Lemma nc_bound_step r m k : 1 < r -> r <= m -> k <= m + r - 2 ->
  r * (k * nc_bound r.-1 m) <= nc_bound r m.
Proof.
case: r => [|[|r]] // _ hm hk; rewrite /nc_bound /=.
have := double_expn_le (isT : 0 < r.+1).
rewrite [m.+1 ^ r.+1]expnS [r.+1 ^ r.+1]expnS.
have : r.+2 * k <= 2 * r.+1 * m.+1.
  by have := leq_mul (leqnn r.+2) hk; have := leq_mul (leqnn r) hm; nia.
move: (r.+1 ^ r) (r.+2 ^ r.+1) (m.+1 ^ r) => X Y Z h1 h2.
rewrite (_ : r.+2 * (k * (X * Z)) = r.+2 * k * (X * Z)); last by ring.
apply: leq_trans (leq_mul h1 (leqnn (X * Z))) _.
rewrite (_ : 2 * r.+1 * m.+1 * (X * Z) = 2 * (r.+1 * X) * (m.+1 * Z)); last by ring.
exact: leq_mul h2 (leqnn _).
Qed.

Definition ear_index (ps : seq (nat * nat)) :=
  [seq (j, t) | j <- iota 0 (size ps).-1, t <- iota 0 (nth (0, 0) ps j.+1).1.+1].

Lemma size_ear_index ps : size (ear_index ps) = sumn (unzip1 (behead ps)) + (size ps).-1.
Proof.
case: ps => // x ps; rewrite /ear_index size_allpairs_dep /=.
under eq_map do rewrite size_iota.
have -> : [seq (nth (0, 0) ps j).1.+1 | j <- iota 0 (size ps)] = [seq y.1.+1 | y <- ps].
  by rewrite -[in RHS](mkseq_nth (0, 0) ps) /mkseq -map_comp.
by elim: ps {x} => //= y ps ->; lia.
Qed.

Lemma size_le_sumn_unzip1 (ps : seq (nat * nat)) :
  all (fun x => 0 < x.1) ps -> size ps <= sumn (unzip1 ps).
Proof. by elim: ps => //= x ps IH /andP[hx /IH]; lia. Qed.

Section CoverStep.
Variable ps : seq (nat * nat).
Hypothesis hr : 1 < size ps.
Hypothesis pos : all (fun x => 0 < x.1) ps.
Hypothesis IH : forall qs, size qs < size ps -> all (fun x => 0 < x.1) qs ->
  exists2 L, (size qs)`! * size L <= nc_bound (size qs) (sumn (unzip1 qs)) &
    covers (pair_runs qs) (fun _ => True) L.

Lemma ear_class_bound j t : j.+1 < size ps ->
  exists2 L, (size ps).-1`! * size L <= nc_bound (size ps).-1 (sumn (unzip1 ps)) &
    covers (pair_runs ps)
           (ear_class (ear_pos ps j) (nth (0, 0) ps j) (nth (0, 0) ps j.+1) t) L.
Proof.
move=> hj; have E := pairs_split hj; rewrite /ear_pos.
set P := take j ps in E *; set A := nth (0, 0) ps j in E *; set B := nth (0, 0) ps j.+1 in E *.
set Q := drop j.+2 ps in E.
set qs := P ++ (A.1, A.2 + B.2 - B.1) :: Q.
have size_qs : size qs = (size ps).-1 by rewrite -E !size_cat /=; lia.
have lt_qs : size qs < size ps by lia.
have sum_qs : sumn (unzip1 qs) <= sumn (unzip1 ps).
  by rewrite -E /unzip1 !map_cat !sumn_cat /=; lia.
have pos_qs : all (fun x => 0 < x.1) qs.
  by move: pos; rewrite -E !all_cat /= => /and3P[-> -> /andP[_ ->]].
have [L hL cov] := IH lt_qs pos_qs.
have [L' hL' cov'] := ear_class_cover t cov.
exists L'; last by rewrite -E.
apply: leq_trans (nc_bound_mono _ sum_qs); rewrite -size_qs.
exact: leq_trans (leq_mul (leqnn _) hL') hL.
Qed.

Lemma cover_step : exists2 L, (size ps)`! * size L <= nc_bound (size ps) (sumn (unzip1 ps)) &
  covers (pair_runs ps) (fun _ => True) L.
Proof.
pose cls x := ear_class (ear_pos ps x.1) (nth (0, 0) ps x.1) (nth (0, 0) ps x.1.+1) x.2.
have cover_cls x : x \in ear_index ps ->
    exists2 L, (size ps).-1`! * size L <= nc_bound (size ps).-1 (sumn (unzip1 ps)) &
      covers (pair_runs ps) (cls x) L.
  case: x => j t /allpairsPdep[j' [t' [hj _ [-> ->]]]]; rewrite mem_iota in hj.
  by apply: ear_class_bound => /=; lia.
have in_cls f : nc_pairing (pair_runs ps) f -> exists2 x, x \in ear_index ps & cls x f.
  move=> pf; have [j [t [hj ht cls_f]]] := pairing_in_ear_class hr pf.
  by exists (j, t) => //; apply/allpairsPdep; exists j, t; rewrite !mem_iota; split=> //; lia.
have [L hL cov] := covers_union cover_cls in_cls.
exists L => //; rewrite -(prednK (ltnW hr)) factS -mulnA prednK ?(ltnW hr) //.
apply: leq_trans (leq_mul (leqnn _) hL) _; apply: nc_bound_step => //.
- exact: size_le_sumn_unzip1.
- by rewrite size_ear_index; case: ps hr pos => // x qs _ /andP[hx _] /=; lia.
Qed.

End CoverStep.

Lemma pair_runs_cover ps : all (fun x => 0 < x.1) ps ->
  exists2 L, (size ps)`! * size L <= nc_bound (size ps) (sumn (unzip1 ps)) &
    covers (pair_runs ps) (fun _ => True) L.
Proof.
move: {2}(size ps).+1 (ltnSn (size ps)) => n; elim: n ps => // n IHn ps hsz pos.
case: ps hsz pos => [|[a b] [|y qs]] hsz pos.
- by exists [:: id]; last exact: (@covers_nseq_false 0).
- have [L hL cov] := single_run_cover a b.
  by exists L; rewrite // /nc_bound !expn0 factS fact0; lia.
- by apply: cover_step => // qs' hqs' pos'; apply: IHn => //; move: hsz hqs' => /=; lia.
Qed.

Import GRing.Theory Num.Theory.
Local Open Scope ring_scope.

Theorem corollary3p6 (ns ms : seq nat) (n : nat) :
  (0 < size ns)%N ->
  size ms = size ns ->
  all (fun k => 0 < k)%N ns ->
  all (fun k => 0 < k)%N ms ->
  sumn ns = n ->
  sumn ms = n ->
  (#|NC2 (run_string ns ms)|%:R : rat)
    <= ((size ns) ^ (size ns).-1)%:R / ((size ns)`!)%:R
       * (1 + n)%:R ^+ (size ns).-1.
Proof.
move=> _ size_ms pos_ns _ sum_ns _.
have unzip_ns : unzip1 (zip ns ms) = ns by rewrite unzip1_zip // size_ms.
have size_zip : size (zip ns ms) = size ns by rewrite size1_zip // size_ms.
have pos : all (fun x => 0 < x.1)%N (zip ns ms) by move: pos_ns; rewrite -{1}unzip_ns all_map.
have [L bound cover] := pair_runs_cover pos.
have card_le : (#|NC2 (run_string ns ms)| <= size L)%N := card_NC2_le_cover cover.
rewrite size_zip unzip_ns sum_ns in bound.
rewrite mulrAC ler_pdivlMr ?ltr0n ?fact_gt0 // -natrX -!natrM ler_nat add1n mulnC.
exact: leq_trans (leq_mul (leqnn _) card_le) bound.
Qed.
========================
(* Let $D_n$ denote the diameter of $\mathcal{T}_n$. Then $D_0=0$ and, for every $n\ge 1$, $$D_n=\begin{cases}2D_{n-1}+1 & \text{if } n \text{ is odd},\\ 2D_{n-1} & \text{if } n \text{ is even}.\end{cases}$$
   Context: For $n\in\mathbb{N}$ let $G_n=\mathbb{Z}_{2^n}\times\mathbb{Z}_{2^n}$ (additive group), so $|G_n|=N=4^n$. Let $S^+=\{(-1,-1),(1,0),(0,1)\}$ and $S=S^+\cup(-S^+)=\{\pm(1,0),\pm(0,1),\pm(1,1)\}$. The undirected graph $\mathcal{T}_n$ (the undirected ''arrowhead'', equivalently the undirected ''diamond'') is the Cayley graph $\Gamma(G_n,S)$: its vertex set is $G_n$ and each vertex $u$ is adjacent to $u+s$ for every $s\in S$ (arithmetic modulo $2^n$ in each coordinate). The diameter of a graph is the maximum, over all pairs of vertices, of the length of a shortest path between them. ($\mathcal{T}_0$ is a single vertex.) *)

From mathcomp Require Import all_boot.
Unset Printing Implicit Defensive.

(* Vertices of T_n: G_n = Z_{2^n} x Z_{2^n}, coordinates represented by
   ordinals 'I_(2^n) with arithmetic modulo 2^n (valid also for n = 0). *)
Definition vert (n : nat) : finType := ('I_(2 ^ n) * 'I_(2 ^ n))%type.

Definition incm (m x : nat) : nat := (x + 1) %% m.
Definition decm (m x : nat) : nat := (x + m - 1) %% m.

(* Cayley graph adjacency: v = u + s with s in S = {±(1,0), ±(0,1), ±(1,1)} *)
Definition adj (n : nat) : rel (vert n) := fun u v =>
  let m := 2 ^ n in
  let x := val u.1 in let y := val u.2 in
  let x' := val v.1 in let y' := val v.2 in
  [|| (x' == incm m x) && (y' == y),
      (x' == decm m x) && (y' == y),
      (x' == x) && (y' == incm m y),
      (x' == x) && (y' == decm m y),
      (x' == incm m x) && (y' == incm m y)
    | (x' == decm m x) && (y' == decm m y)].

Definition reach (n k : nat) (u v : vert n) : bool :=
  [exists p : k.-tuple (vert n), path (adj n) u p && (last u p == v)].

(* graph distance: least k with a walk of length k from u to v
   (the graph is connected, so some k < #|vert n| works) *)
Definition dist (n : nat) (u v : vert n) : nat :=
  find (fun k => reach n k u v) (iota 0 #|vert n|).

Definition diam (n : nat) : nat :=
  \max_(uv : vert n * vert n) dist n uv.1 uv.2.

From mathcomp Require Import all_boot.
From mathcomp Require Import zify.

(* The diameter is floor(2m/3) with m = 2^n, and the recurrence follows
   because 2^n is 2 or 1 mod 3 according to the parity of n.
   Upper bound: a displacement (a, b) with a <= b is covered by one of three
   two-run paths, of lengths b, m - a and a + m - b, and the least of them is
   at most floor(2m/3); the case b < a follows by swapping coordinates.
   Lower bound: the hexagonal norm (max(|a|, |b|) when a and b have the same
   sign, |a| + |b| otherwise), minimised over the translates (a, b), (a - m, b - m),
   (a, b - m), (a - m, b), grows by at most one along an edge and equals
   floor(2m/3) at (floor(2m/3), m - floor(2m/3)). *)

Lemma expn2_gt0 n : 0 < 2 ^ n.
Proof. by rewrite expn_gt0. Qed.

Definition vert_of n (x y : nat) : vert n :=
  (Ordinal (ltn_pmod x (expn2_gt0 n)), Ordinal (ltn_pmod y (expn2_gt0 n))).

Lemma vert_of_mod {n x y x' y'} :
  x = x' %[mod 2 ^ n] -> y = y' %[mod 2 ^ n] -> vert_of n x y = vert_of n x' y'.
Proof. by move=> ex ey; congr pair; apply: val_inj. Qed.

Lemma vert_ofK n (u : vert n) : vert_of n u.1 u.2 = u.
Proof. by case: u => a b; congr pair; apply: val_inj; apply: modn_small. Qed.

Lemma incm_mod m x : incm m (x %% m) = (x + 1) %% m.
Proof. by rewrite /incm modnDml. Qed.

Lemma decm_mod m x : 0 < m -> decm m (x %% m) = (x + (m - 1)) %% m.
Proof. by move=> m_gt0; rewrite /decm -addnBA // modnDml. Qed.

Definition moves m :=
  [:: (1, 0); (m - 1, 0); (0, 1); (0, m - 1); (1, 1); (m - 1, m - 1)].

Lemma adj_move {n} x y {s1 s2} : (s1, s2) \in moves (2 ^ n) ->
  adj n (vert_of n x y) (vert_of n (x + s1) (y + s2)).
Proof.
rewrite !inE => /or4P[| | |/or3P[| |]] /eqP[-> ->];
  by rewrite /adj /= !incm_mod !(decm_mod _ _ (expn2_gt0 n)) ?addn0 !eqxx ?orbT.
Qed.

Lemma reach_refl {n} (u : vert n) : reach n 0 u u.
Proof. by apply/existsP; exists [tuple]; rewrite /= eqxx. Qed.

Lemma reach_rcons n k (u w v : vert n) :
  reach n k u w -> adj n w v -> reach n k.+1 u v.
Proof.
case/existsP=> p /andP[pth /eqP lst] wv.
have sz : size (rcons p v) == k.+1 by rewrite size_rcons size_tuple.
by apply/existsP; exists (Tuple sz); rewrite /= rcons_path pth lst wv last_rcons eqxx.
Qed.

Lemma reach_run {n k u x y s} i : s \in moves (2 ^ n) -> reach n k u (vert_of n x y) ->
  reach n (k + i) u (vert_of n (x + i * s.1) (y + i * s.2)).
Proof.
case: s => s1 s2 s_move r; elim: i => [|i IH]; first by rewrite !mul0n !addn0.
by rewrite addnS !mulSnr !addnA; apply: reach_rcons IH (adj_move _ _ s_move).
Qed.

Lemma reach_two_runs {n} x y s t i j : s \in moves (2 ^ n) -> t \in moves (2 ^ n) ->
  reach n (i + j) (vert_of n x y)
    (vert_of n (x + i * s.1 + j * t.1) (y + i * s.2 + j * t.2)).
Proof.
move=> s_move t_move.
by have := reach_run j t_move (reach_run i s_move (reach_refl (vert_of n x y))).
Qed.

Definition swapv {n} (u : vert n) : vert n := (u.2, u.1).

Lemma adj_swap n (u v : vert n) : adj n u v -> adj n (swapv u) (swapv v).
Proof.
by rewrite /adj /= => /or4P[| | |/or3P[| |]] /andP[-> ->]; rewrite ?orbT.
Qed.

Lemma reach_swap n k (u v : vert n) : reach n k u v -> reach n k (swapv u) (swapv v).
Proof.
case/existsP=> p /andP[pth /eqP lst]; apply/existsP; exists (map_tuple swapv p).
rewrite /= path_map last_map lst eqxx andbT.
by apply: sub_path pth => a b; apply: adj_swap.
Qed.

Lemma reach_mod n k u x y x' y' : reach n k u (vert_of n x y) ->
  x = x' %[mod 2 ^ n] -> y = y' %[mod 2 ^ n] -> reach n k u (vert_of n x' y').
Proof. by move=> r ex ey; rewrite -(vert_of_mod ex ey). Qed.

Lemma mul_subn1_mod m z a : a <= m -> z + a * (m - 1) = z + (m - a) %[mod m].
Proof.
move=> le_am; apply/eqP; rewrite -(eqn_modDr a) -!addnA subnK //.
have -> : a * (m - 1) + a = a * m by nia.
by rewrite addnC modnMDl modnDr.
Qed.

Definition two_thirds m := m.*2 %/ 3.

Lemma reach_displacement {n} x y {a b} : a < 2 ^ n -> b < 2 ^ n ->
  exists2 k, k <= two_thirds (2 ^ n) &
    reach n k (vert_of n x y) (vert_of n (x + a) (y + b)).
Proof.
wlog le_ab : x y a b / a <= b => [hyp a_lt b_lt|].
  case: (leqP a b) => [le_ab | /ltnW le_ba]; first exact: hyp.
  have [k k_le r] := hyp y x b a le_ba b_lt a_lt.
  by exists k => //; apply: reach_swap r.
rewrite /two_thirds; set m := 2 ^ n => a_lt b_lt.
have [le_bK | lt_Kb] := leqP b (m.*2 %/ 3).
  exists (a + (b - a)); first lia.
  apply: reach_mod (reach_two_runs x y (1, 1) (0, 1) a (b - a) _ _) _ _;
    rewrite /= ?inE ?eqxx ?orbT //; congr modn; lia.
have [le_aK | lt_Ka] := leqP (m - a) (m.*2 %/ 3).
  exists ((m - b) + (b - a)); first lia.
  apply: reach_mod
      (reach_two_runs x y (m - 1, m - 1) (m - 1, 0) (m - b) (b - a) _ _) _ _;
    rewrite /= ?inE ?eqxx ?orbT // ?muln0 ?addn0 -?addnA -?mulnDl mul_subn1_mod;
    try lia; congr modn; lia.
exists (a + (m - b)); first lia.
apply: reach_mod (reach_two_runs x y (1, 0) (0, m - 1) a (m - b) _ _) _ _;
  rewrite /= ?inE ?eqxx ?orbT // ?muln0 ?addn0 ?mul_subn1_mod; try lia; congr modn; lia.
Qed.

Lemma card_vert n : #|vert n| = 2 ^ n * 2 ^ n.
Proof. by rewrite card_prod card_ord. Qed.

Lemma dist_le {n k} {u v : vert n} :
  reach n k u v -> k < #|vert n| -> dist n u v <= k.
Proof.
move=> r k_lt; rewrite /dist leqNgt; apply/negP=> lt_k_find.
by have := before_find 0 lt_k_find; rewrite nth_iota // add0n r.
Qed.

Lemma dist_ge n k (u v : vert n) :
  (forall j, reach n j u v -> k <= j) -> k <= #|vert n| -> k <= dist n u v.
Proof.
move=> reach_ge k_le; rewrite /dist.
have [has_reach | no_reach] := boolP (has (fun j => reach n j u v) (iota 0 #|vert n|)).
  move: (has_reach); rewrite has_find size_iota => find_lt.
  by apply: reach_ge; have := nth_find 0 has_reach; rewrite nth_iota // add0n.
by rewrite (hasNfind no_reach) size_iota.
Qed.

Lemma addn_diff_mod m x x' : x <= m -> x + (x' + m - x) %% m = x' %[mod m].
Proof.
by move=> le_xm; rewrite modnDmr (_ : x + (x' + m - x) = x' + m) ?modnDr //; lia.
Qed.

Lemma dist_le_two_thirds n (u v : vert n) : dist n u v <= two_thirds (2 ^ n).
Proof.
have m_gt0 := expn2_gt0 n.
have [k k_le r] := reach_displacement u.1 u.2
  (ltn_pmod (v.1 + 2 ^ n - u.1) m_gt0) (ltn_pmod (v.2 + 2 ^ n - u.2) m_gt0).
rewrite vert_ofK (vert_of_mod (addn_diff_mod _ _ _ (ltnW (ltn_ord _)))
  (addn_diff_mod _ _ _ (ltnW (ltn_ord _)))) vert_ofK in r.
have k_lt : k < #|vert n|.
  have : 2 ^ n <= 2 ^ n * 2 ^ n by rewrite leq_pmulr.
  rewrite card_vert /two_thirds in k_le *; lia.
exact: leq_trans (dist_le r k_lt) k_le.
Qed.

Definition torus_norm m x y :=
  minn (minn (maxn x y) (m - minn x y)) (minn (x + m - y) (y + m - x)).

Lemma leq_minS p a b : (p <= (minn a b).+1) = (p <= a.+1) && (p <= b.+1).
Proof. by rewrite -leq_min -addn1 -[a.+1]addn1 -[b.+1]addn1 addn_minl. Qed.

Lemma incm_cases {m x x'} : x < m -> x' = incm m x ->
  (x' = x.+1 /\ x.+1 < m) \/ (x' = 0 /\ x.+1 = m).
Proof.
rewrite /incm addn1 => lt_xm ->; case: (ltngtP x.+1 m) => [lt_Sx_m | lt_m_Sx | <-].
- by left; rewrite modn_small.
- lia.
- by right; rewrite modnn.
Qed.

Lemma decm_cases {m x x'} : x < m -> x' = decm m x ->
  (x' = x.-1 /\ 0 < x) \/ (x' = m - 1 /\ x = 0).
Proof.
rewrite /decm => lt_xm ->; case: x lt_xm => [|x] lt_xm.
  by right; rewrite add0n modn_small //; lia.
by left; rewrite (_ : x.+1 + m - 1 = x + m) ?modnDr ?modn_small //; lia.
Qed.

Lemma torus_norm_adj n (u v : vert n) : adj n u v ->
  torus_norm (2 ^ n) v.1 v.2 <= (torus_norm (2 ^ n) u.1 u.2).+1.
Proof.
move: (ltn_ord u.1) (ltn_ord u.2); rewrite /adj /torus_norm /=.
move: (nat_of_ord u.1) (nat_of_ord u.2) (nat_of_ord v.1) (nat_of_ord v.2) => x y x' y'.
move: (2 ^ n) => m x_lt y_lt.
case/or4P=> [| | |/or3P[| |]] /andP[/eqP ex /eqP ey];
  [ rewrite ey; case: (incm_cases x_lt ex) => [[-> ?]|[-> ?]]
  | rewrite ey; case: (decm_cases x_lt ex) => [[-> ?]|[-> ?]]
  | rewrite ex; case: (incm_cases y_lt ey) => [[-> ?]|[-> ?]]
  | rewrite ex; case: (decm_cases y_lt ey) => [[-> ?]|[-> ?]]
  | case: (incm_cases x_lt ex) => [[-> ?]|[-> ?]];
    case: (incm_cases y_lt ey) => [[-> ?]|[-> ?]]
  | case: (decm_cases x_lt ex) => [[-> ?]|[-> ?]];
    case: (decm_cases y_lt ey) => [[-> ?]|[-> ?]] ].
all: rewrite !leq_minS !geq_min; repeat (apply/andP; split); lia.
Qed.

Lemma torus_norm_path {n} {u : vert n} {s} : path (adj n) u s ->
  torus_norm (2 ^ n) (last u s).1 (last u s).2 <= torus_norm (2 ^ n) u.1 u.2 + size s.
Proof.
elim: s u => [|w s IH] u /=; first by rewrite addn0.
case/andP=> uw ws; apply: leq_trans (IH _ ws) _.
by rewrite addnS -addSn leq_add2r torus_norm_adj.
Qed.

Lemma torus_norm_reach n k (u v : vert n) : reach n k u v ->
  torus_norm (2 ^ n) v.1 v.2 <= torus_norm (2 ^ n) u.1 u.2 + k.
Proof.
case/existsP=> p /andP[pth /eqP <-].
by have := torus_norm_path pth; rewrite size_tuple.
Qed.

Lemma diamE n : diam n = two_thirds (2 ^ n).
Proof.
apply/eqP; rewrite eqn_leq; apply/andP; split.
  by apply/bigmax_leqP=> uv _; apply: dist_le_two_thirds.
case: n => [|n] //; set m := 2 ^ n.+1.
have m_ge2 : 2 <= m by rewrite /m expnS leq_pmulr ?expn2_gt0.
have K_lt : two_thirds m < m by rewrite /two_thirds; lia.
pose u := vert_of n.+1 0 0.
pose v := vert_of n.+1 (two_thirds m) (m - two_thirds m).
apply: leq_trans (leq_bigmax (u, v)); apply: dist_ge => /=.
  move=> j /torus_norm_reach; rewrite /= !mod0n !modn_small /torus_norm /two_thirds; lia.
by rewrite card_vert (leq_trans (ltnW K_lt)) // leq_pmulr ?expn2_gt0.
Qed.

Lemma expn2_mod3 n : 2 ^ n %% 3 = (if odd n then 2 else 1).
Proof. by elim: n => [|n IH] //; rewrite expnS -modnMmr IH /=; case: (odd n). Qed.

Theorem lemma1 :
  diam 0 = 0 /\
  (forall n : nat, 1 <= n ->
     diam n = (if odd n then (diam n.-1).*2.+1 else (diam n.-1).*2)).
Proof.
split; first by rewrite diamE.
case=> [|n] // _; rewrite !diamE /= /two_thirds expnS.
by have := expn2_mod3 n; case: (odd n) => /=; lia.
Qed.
========================
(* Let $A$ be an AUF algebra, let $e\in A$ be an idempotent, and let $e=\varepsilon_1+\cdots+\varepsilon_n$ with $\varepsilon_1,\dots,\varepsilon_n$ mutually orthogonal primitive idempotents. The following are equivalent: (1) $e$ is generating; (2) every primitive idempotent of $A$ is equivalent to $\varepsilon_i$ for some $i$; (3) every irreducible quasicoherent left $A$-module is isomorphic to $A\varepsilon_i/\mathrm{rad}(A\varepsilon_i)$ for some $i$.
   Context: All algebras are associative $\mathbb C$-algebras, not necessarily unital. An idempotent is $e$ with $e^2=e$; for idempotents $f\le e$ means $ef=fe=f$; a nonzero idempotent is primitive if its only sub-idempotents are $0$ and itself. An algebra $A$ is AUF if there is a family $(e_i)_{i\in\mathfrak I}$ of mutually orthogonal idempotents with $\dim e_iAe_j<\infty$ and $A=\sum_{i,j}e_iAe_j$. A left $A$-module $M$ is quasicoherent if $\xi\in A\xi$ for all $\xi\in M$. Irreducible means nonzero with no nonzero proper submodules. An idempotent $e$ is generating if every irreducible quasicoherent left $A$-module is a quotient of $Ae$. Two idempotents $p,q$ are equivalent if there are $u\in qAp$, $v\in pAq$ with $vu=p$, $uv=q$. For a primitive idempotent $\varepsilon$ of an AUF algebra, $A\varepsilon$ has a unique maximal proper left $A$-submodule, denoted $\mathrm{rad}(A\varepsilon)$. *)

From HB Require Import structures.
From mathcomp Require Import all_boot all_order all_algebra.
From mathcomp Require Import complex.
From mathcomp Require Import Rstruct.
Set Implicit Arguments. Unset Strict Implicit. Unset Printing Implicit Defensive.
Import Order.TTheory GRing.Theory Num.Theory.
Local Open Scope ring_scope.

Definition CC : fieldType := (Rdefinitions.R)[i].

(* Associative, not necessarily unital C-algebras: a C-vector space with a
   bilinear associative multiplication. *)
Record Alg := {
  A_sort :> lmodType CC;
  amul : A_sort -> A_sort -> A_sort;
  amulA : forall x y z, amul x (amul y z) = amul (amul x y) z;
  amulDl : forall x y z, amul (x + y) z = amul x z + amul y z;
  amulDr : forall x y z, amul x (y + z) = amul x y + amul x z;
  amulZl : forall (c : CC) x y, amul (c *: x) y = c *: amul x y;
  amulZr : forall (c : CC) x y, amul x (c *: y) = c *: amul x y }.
========================
WHAT IS BEING ASKED: Going down the listing above, begin printing at the line with "have K_lt : two_thirds" and finish with the line with "diam 0 = 0 /\", exactly as they appear.

WRITTEN SOLUTION:
have K_lt : two_thirds m < m by rewrite /two_thirds; lia.
pose u := vert_of n.+1 0 0.
pose v := vert_of n.+1 (two_thirds m) (m - two_thirds m).
apply: leq_trans (leq_bigmax (u, v)); apply: dist_ge => /=.
  move=> j /torus_norm_reach; rewrite /= !mod0n !modn_small /torus_norm /two_thirds; lia.
by rewrite card_vert (leq_trans (ltnW K_lt)) // leq_pmulr ?expn2_gt0.
Qed.

Lemma expn2_mod3 n : 2 ^ n %% 3 = (if odd n then 2 else 1).
Proof. by elim: n => [|n IH] //; rewrite expnS -modnMmr IH /=; case: (odd n). Qed.

Theorem lemma1 :
  diam 0 = 0 /\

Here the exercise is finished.